- _Material provided_
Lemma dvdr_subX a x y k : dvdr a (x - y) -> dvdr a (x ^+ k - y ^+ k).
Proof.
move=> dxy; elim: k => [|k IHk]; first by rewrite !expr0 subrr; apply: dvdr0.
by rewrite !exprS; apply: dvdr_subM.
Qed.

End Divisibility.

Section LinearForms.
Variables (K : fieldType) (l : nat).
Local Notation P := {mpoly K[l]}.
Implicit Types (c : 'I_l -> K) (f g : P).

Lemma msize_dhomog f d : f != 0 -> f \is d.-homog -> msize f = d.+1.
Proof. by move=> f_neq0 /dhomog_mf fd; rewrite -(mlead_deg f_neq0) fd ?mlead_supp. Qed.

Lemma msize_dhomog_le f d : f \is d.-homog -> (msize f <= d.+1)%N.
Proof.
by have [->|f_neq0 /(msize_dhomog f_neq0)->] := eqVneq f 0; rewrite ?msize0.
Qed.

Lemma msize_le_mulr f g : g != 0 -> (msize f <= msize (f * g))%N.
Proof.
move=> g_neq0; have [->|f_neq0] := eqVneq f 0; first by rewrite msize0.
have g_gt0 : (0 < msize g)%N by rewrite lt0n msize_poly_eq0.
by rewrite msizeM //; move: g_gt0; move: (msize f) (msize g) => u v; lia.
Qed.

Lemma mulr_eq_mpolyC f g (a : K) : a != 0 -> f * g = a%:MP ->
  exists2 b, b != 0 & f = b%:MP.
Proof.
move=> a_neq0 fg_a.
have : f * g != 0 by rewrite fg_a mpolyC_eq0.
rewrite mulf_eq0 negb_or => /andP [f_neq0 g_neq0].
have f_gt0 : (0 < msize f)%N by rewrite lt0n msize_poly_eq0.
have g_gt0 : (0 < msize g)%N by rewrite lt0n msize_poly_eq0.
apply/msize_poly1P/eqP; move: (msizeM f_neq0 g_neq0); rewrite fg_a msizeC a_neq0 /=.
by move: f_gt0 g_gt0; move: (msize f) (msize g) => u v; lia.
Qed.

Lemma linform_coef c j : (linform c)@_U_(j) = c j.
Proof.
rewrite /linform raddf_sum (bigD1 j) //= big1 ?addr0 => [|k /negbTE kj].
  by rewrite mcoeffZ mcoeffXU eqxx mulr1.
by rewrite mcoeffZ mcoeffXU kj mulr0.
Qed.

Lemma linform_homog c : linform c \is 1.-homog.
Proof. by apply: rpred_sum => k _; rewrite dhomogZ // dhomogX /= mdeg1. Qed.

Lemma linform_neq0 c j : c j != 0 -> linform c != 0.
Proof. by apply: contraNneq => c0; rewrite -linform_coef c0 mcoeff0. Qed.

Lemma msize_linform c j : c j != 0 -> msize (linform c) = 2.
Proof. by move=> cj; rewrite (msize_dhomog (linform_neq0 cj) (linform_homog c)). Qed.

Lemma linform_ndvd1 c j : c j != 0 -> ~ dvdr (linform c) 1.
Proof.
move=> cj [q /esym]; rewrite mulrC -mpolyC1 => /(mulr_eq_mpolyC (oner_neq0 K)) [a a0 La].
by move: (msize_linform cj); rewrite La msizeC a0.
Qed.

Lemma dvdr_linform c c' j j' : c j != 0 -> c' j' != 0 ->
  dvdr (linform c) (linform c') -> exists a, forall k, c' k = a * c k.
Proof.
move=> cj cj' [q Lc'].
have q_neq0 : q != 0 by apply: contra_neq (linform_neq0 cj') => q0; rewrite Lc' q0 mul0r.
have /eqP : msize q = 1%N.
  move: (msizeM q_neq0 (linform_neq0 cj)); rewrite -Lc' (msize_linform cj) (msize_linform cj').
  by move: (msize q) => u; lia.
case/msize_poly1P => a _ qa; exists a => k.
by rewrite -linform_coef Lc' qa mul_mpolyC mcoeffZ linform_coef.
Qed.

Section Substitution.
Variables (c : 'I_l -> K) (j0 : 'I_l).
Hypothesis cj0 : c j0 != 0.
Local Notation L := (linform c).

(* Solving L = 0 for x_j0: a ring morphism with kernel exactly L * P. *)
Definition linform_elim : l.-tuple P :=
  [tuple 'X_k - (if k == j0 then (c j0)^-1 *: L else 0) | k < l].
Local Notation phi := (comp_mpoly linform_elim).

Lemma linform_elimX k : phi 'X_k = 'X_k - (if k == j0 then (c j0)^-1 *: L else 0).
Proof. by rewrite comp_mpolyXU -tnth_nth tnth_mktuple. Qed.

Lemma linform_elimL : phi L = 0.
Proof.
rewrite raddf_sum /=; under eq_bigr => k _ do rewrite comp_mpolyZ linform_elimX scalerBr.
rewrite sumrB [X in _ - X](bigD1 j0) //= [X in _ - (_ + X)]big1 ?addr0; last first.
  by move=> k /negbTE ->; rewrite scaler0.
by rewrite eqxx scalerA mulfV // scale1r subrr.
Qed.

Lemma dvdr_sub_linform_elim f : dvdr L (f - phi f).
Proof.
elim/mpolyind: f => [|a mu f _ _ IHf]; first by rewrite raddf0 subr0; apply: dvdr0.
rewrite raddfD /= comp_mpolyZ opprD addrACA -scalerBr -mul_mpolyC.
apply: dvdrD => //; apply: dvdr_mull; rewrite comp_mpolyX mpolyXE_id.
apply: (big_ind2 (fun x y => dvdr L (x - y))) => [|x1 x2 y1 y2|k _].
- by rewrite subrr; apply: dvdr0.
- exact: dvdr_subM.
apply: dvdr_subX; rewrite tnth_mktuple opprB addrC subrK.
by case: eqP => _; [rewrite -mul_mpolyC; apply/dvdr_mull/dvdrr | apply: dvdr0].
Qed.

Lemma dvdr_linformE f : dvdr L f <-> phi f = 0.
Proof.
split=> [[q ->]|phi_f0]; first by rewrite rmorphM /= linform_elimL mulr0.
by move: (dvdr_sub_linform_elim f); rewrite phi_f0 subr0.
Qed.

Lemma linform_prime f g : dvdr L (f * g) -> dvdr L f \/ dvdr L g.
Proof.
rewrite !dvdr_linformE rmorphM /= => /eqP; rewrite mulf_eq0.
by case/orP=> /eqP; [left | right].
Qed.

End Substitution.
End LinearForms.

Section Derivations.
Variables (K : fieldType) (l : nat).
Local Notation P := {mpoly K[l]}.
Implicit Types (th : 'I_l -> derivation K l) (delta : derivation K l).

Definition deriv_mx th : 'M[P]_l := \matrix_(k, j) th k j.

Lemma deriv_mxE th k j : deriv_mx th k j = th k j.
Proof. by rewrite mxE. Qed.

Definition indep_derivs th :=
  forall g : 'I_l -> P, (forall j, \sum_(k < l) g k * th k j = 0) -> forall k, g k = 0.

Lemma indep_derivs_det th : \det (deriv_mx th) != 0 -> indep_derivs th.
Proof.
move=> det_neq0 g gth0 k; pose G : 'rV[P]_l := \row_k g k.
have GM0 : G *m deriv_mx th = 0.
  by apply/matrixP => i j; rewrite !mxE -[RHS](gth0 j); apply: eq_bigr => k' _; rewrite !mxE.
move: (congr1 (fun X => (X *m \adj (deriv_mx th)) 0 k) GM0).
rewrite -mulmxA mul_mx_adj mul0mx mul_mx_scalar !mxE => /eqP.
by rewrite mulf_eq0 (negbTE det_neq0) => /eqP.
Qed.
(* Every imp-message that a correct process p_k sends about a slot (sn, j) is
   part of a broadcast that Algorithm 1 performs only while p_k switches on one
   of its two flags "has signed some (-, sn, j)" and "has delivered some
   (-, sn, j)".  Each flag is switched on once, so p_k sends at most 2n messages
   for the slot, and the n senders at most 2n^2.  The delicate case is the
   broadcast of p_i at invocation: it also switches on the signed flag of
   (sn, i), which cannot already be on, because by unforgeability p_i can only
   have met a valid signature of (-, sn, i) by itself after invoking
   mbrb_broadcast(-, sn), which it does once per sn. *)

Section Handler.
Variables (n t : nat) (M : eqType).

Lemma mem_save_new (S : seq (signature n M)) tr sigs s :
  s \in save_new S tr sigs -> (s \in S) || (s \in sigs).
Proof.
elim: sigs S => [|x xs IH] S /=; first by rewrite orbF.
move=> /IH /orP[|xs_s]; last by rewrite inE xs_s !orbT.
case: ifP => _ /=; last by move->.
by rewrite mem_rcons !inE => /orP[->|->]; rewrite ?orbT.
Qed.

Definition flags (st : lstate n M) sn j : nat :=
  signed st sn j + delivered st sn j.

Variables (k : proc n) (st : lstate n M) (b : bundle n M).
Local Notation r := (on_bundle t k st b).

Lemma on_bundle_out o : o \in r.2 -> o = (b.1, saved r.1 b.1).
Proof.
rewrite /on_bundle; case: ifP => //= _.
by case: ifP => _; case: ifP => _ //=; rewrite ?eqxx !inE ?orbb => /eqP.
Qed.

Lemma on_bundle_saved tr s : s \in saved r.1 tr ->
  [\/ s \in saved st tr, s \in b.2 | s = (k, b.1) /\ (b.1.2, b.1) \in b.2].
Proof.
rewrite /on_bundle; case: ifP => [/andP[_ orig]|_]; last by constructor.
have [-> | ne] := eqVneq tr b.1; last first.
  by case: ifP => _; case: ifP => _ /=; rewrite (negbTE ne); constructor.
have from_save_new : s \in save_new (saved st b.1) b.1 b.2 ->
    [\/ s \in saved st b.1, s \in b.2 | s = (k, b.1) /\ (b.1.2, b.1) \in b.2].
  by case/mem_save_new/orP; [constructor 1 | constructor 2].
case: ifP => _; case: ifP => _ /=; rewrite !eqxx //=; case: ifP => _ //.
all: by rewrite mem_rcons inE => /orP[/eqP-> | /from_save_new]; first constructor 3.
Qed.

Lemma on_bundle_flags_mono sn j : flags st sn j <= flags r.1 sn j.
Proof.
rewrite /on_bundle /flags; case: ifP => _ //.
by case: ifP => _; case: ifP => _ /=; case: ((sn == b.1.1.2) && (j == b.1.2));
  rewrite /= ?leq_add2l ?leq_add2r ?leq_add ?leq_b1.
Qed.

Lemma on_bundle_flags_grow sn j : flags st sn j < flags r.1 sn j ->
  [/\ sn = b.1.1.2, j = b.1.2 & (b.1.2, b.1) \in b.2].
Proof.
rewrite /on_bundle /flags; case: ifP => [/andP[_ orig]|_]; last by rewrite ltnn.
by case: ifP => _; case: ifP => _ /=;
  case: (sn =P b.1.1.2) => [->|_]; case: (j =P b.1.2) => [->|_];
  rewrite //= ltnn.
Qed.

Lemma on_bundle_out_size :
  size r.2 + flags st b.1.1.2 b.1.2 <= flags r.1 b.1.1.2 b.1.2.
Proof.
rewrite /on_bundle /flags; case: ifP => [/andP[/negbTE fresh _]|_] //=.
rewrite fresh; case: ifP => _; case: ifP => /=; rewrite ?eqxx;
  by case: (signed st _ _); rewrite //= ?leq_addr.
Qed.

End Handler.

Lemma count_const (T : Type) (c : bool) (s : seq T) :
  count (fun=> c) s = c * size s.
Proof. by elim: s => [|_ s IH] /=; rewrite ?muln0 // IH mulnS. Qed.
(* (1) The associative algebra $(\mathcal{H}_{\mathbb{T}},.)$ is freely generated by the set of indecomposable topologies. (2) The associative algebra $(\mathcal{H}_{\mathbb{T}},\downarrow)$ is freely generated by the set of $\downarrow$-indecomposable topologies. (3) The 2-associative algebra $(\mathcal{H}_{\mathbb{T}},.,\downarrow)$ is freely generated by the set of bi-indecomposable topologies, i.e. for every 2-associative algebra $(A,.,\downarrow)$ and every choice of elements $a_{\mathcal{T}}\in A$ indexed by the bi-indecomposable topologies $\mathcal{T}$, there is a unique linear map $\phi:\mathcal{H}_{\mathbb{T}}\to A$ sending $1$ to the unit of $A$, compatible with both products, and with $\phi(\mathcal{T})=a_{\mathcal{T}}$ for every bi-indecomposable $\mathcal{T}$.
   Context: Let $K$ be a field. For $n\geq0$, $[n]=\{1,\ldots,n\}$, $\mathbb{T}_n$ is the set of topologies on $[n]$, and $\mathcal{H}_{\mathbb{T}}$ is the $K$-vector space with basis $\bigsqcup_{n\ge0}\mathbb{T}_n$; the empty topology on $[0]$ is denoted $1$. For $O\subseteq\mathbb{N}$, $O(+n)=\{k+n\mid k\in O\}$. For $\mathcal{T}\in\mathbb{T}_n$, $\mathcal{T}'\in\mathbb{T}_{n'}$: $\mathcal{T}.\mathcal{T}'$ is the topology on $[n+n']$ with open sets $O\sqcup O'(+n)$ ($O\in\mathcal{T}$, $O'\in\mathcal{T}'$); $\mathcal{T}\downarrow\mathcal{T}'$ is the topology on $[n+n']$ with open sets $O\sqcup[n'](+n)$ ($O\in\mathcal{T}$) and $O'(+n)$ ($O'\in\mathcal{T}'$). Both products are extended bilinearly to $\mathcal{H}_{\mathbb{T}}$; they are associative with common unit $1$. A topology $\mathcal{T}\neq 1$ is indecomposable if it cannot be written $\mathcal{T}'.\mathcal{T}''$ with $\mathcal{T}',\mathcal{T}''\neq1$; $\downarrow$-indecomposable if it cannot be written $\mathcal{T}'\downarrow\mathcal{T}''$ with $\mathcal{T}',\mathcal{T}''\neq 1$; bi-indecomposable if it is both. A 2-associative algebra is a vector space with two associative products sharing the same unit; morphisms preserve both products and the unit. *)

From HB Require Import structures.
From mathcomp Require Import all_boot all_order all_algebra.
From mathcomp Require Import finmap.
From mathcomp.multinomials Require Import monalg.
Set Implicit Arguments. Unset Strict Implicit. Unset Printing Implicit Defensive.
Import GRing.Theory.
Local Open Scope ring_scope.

* * *

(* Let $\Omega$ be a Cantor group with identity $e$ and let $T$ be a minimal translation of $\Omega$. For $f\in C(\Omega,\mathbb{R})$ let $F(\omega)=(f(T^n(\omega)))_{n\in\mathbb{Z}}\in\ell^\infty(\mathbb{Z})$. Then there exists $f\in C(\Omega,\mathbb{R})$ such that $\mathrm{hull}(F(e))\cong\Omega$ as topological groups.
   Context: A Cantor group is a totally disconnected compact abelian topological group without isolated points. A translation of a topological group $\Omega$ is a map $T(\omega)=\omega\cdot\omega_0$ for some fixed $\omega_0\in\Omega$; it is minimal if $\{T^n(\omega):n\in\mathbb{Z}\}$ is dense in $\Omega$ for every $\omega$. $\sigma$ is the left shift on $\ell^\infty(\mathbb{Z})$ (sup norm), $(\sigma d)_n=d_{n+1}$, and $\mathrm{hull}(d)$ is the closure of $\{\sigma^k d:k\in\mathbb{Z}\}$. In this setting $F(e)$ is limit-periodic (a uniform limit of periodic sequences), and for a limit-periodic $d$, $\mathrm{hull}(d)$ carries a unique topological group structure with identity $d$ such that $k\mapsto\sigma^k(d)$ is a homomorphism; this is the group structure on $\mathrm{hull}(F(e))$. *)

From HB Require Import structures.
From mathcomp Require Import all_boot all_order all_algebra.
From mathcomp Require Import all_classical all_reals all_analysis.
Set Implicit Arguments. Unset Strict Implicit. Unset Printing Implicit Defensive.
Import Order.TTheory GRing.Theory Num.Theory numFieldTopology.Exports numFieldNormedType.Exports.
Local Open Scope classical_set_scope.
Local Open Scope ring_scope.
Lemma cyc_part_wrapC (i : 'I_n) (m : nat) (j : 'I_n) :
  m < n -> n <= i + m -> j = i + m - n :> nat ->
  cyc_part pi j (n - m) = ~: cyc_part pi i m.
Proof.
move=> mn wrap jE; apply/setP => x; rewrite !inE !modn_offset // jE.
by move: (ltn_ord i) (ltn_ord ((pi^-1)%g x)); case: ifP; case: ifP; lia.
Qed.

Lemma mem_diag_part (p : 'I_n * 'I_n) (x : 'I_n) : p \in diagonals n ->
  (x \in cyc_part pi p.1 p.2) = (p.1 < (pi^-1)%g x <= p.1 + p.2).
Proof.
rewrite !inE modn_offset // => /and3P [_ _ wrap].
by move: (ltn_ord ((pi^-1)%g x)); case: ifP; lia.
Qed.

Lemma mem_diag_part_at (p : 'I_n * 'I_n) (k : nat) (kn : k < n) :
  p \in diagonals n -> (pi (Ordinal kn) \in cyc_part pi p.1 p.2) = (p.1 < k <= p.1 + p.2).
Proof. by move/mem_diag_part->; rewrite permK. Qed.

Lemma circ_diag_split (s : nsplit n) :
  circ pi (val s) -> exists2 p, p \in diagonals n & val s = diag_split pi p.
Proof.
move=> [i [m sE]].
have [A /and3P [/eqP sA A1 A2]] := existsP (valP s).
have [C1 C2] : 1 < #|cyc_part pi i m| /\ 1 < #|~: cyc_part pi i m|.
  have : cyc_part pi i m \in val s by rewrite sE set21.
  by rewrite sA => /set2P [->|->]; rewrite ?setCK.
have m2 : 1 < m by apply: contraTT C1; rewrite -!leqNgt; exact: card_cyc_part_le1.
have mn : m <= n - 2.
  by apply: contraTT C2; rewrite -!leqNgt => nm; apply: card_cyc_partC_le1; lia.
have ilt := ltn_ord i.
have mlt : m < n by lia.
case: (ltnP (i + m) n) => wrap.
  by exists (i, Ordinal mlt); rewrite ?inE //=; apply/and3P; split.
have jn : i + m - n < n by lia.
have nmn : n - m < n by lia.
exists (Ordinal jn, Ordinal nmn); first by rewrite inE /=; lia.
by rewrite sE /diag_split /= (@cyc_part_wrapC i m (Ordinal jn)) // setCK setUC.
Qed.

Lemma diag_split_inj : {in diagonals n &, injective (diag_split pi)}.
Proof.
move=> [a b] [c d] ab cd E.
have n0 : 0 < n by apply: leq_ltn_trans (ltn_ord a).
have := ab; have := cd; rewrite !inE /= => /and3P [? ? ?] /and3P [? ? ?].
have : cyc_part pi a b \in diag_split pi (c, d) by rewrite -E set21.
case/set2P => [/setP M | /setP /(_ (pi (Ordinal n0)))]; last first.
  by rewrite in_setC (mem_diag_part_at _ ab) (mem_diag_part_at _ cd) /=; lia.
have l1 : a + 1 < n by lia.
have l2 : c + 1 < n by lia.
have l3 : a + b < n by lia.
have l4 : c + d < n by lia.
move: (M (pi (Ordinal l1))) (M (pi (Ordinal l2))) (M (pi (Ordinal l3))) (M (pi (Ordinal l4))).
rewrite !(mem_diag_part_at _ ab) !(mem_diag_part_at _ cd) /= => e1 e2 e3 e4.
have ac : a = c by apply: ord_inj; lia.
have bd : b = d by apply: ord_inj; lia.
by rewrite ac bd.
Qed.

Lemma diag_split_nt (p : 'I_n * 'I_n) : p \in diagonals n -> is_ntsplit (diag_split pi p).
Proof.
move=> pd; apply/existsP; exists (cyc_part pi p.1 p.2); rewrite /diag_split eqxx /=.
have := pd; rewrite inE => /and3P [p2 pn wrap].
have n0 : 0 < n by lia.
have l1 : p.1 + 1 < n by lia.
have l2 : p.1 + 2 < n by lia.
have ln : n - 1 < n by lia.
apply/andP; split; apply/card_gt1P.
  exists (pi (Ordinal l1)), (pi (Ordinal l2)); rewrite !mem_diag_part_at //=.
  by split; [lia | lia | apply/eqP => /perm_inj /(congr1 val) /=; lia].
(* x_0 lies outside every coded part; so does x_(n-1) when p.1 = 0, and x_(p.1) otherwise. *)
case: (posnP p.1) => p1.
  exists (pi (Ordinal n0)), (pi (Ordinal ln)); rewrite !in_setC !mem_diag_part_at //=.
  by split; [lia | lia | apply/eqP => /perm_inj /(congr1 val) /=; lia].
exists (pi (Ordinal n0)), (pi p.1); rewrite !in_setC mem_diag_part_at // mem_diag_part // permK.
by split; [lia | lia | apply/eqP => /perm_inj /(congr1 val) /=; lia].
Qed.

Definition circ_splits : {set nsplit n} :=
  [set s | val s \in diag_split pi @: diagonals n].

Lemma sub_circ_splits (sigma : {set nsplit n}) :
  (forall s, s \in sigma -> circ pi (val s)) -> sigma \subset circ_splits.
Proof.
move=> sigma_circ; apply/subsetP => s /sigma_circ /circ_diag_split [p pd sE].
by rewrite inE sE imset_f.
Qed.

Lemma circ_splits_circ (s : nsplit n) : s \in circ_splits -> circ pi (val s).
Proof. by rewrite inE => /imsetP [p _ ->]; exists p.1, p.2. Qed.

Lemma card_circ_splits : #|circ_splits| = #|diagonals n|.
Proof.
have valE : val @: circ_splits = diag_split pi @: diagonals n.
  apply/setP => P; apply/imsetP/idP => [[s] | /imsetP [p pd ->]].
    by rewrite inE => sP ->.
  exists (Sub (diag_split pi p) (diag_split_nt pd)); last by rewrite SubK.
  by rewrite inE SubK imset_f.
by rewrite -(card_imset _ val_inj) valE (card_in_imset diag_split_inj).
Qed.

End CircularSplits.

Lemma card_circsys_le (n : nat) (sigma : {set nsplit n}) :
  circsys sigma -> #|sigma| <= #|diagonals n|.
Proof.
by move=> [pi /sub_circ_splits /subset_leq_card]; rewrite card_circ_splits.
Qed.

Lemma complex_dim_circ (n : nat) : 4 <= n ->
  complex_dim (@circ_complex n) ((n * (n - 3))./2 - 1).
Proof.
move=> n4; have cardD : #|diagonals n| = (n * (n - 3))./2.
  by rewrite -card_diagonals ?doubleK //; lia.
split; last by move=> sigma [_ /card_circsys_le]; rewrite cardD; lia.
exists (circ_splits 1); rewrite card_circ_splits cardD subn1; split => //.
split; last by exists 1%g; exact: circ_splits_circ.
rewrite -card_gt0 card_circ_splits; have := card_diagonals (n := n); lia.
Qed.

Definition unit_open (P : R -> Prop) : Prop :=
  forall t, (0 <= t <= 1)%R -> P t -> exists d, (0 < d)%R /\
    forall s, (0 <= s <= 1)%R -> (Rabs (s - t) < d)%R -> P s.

- _Exercise_
Please give again the lines above between the line holding "(* Every imp-message" and the line holding "of its two flags", inclusive, exactly as they are and with nothing added.

- _Task response_
(* Every imp-message that a correct process p_k sends about a slot (sn, j) is
   part of a broadcast that Algorithm 1 performs only while p_k switches on one
   of its two flags "has signed some (-, sn, j)" and "has delivered some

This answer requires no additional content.